Section SumTuples.
Variables (V : nmodType) (E : finType).
Implicit Types (F G : seq E -> V).

Lemma sum_tuples0 F : sum_tuples 0 F = F [::].
Proof. by rewrite /sum_tuples (big_pred1 [tuple]) // => g; apply/esym/eqP/tuple0. Qed.

Lemma sum_tuplesS n F :
  sum_tuples n.+1 F = \sum_(e : E) sum_tuples n (fun s => F (e :: s)).
Proof.
rewrite /sum_tuples pair_big /=.
rewrite (reindex (fun p : E * n.-tuple E => [tuple of p.1 :: p.2])) //=.
exists (fun t : n.+1.-tuple E => (thead t, [tuple of behead t])).
  by move=> [e t] _ /=; congr pair; apply: val_inj.
by move=> [[|x s] //= size_s] _; apply: val_inj.
Qed.

Lemma sum_tuples_cat a b F :
  sum_tuples (a + b) F = sum_tuples a (fun s1 => sum_tuples b (fun s2 => F (s1 ++ s2))).
Proof.
elim: a F => [|a IH] F; first by rewrite sum_tuples0.
by rewrite addSn !sum_tuplesS; apply: eq_bigr => e _; apply: IH.
Qed.

Lemma eq_sum_tuples n F G :
  (forall s, size s = n -> F s = G s) -> sum_tuples n F = sum_tuples n G.
Proof. by move=> FG; apply: eq_bigr => g _; apply: FG; rewrite size_tuple. Qed.

Lemma sum_tuples_eq0 n F : (forall s, size s = n -> F s = 0) -> sum_tuples n F = 0.
Proof. by move=> F0; rewrite /sum_tuples big1 // => g _; rewrite F0 ?size_tuple. Qed.

Lemma sum_tuples_delta n F (w : seq E) :
  size w = n -> sum_tuples n (fun s => if s == w then F s else 0) = F w.
Proof.
elim: n F w => [|n IH] F [|e w] //=; first by rewrite sum_tuples0 eqxx.
case=> size_w; rewrite sum_tuplesS (bigD1 e) //= big1 ?addr0 => [|e' ne'].
  rewrite -(IH (fun s => F (e :: s)) w size_w); apply: eq_sum_tuples => s _.
  by rewrite eqseq_cons eqxx.
by apply: sum_tuples_eq0 => s _; rewrite eqseq_cons (negbTE ne').
Qed.

End SumTuples.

**What you should do**
Output exactly the line containing "sum_tuples n.+1 F" together with every line after it, ending at the final line of the entries.

**Solution**
  sum_tuples n.+1 F = \sum_(e : E) sum_tuples n (fun s => F (e :: s)).
Proof.
rewrite /sum_tuples pair_big /=.
rewrite (reindex (fun p : E * n.-tuple E => [tuple of p.1 :: p.2])) //=.
exists (fun t : n.+1.-tuple E => (thead t, [tuple of behead t])).
  by move=> [e t] _ /=; congr pair; apply: val_inj.
by move=> [[|x s] //= size_s] _; apply: val_inj.
Qed.

Lemma sum_tuples_cat a b F :
  sum_tuples (a + b) F = sum_tuples a (fun s1 => sum_tuples b (fun s2 => F (s1 ++ s2))).
Proof.
elim: a F => [|a IH] F; first by rewrite sum_tuples0.
by rewrite addSn !sum_tuplesS; apply: eq_bigr => e _; apply: IH.
Qed.

Lemma eq_sum_tuples n F G :
  (forall s, size s = n -> F s = G s) -> sum_tuples n F = sum_tuples n G.
Proof. by move=> FG; apply: eq_bigr => g _; apply: FG; rewrite size_tuple. Qed.

Lemma sum_tuples_eq0 n F : (forall s, size s = n -> F s = 0) -> sum_tuples n F = 0.
Proof. by move=> F0; rewrite /sum_tuples big1 // => g _; rewrite F0 ?size_tuple. Qed.

Lemma sum_tuples_delta n F (w : seq E) :
  size w = n -> sum_tuples n (fun s => if s == w then F s else 0) = F w.
Proof.
elim: n F w => [|n IH] F [|e w] //=; first by rewrite sum_tuples0 eqxx.
case=> size_w; rewrite sum_tuplesS (bigD1 e) //= big1 ?addr0 => [|e' ne'].
  rewrite -(IH (fun s => F (e :: s)) w size_w); apply: eq_sum_tuples => s _.
  by rewrite eqseq_cons eqxx.
by apply: sum_tuples_eq0 => s _; rewrite eqseq_cons (negbTE ne').
Qed.

End SumTuples.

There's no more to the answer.